# Dataset content
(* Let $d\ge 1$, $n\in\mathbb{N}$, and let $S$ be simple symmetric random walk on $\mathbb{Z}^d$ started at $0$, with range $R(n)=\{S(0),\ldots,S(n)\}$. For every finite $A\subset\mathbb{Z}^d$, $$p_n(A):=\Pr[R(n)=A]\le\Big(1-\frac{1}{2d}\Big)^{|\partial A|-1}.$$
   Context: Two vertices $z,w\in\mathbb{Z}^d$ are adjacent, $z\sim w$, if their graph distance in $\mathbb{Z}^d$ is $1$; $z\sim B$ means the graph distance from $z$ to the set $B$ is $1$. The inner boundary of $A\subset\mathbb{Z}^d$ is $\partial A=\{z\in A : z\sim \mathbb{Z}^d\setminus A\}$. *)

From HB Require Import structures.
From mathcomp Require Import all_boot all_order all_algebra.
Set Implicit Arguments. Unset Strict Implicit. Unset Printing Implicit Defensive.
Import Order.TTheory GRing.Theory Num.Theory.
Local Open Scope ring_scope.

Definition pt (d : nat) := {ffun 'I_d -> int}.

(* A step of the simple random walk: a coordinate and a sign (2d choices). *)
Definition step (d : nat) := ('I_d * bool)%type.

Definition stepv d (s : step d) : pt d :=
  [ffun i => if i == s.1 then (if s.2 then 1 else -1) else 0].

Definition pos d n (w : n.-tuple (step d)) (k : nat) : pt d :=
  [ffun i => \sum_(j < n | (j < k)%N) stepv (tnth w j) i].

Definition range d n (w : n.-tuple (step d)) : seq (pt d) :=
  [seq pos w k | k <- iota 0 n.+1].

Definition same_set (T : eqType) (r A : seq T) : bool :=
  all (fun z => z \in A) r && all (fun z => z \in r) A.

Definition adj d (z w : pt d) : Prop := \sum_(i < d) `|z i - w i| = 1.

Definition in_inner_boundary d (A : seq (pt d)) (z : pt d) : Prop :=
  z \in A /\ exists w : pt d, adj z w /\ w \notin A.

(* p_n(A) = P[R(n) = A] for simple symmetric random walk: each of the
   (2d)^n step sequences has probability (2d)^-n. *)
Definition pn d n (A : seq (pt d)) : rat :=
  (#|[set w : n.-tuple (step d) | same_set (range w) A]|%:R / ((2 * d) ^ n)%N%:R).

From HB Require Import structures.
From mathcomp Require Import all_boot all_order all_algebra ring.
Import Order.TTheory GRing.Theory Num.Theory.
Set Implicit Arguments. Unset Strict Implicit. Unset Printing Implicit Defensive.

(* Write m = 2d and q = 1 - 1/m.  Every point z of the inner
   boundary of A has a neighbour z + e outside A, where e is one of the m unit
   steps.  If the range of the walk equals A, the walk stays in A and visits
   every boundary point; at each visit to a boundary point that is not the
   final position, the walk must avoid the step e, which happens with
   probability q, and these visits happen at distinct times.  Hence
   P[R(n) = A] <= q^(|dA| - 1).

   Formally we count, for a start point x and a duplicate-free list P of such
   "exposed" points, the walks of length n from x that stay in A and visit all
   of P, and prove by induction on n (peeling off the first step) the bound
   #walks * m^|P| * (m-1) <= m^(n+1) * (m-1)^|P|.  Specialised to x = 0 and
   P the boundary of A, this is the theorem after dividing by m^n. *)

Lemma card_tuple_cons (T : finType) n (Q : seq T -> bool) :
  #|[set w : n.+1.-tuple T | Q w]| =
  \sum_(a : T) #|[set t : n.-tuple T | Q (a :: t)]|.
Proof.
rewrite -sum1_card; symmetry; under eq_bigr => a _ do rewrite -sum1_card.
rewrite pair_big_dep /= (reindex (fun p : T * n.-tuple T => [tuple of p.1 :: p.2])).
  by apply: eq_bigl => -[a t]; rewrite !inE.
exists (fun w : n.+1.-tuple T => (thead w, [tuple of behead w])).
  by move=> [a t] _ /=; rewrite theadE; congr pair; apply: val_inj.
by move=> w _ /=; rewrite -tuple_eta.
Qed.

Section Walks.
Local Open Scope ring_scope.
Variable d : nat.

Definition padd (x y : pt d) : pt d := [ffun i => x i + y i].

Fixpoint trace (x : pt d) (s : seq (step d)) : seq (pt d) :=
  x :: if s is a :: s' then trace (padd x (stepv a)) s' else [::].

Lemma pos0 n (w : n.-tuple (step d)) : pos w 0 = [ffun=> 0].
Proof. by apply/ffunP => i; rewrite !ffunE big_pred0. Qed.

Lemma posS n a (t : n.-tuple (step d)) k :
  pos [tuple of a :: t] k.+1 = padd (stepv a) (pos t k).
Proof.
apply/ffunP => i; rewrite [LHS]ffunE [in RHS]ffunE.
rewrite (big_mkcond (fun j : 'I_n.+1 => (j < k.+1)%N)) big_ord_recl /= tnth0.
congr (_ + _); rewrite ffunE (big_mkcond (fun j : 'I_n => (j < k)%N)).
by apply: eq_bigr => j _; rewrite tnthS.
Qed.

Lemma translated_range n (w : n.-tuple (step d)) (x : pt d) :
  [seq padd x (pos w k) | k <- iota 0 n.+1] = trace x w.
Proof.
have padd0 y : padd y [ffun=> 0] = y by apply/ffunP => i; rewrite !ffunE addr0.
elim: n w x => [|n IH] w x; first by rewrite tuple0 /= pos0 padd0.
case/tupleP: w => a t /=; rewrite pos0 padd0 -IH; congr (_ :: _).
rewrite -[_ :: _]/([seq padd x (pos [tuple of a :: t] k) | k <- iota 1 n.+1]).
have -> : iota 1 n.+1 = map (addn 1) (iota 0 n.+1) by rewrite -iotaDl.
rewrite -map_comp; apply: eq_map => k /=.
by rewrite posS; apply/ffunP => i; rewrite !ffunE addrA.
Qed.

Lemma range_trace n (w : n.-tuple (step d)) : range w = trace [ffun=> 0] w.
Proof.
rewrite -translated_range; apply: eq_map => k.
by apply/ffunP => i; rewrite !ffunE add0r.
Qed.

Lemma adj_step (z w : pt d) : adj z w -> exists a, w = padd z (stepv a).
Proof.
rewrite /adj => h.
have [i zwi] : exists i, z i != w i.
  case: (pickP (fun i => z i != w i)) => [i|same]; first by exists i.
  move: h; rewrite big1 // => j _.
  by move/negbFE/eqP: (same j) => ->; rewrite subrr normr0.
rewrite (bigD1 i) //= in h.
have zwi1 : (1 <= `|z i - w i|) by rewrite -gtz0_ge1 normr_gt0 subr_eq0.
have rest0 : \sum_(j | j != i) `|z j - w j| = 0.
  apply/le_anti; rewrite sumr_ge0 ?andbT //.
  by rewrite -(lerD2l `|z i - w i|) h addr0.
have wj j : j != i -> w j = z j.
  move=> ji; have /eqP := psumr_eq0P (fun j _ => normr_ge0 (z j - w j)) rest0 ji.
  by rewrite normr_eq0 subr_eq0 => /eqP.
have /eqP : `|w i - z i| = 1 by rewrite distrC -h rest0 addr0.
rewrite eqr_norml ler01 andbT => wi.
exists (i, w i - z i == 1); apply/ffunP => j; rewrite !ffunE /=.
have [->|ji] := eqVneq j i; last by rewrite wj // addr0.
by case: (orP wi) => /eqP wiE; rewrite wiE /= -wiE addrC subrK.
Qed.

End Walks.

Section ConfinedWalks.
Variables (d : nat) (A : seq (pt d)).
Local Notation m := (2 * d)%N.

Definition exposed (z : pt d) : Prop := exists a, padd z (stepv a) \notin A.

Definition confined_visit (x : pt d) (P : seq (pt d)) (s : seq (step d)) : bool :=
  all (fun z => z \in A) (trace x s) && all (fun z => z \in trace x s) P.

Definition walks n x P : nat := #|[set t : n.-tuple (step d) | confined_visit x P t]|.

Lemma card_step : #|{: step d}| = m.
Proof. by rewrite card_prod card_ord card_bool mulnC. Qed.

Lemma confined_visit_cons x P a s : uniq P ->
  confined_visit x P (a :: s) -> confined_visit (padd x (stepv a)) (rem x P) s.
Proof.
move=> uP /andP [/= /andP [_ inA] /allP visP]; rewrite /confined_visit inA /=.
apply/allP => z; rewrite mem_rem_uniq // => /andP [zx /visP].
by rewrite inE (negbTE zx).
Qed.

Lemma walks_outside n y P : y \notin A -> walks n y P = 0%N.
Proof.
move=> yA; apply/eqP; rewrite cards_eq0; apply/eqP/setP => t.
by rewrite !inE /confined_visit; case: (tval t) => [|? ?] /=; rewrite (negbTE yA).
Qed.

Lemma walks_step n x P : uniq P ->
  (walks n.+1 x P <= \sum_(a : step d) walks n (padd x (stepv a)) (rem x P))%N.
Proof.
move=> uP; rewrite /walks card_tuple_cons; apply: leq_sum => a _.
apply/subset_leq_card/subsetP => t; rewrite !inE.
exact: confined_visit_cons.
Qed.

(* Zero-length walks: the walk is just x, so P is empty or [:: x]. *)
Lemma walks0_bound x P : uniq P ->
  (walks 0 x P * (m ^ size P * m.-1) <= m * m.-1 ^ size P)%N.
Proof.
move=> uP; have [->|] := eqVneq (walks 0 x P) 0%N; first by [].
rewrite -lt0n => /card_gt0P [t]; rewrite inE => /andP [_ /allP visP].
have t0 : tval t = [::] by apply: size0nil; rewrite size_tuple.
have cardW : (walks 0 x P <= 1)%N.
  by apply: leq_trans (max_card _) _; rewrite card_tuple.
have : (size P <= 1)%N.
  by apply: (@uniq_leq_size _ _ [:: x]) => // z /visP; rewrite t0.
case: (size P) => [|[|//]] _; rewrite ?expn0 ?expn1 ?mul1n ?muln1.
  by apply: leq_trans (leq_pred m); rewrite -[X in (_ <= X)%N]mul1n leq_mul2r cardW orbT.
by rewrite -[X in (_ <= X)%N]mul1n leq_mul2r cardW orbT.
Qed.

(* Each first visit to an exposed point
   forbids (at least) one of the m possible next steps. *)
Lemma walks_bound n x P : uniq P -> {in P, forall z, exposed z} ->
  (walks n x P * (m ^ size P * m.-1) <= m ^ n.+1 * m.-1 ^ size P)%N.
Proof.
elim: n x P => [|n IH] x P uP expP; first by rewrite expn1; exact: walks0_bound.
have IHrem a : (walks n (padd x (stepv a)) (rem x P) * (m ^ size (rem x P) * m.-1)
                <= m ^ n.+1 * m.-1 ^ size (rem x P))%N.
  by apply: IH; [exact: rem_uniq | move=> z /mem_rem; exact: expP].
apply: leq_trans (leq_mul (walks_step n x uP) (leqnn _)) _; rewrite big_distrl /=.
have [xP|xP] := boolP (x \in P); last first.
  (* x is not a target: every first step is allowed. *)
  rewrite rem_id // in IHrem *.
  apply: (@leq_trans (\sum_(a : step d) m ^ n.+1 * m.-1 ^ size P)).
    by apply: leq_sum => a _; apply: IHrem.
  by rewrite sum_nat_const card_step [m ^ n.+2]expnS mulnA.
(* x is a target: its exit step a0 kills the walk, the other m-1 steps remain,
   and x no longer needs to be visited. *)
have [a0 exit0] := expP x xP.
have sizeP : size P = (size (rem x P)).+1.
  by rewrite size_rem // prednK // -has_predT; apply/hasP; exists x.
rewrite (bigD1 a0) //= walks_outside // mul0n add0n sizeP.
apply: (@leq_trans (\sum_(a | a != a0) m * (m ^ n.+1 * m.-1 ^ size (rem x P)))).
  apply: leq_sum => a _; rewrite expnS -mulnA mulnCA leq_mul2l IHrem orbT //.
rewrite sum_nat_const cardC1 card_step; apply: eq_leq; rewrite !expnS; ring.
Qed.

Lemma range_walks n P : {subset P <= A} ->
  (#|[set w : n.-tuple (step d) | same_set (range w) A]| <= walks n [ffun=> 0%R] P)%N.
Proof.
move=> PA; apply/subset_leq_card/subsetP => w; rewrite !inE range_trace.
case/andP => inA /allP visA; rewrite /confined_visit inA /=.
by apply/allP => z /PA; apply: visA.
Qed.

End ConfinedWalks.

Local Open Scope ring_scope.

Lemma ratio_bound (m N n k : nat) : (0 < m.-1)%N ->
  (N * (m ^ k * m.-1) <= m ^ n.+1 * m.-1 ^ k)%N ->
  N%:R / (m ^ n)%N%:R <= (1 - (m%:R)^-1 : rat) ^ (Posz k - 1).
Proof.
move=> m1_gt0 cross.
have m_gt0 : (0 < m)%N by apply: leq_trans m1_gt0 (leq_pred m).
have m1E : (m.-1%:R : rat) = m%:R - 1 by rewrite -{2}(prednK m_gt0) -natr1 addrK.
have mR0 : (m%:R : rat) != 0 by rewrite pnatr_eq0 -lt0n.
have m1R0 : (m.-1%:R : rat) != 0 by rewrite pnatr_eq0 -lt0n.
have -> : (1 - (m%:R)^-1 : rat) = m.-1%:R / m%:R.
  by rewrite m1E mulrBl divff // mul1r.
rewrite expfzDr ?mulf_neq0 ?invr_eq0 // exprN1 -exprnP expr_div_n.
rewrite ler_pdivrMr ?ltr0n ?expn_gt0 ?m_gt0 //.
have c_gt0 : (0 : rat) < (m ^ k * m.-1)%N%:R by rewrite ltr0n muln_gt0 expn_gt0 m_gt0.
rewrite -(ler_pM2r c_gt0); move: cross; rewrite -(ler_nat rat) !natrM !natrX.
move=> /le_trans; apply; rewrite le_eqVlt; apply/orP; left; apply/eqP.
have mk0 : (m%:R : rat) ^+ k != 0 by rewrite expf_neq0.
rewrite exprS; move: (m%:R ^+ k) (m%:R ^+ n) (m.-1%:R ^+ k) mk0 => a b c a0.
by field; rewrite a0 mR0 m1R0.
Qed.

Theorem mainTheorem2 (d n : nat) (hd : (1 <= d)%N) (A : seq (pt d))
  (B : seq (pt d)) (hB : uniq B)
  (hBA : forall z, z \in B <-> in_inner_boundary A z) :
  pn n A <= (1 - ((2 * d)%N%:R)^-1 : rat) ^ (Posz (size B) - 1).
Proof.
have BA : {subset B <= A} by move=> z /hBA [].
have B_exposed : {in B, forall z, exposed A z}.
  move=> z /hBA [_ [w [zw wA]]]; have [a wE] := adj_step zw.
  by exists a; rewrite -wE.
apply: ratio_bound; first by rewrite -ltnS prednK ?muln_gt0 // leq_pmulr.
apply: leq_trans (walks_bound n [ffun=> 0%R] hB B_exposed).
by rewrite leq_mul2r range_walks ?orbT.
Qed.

# What you are asked to do
Copy each line of the data above that holds "notin".

# Solution below
  z \in A /\ exists w : pt d, adj z w /\ w \notin A.
Definition exposed (z : pt d) : Prop := exists a, padd z (stepv a) \notin A.
Lemma walks_outside n y P : y \notin A -> walks n y P = 0%N.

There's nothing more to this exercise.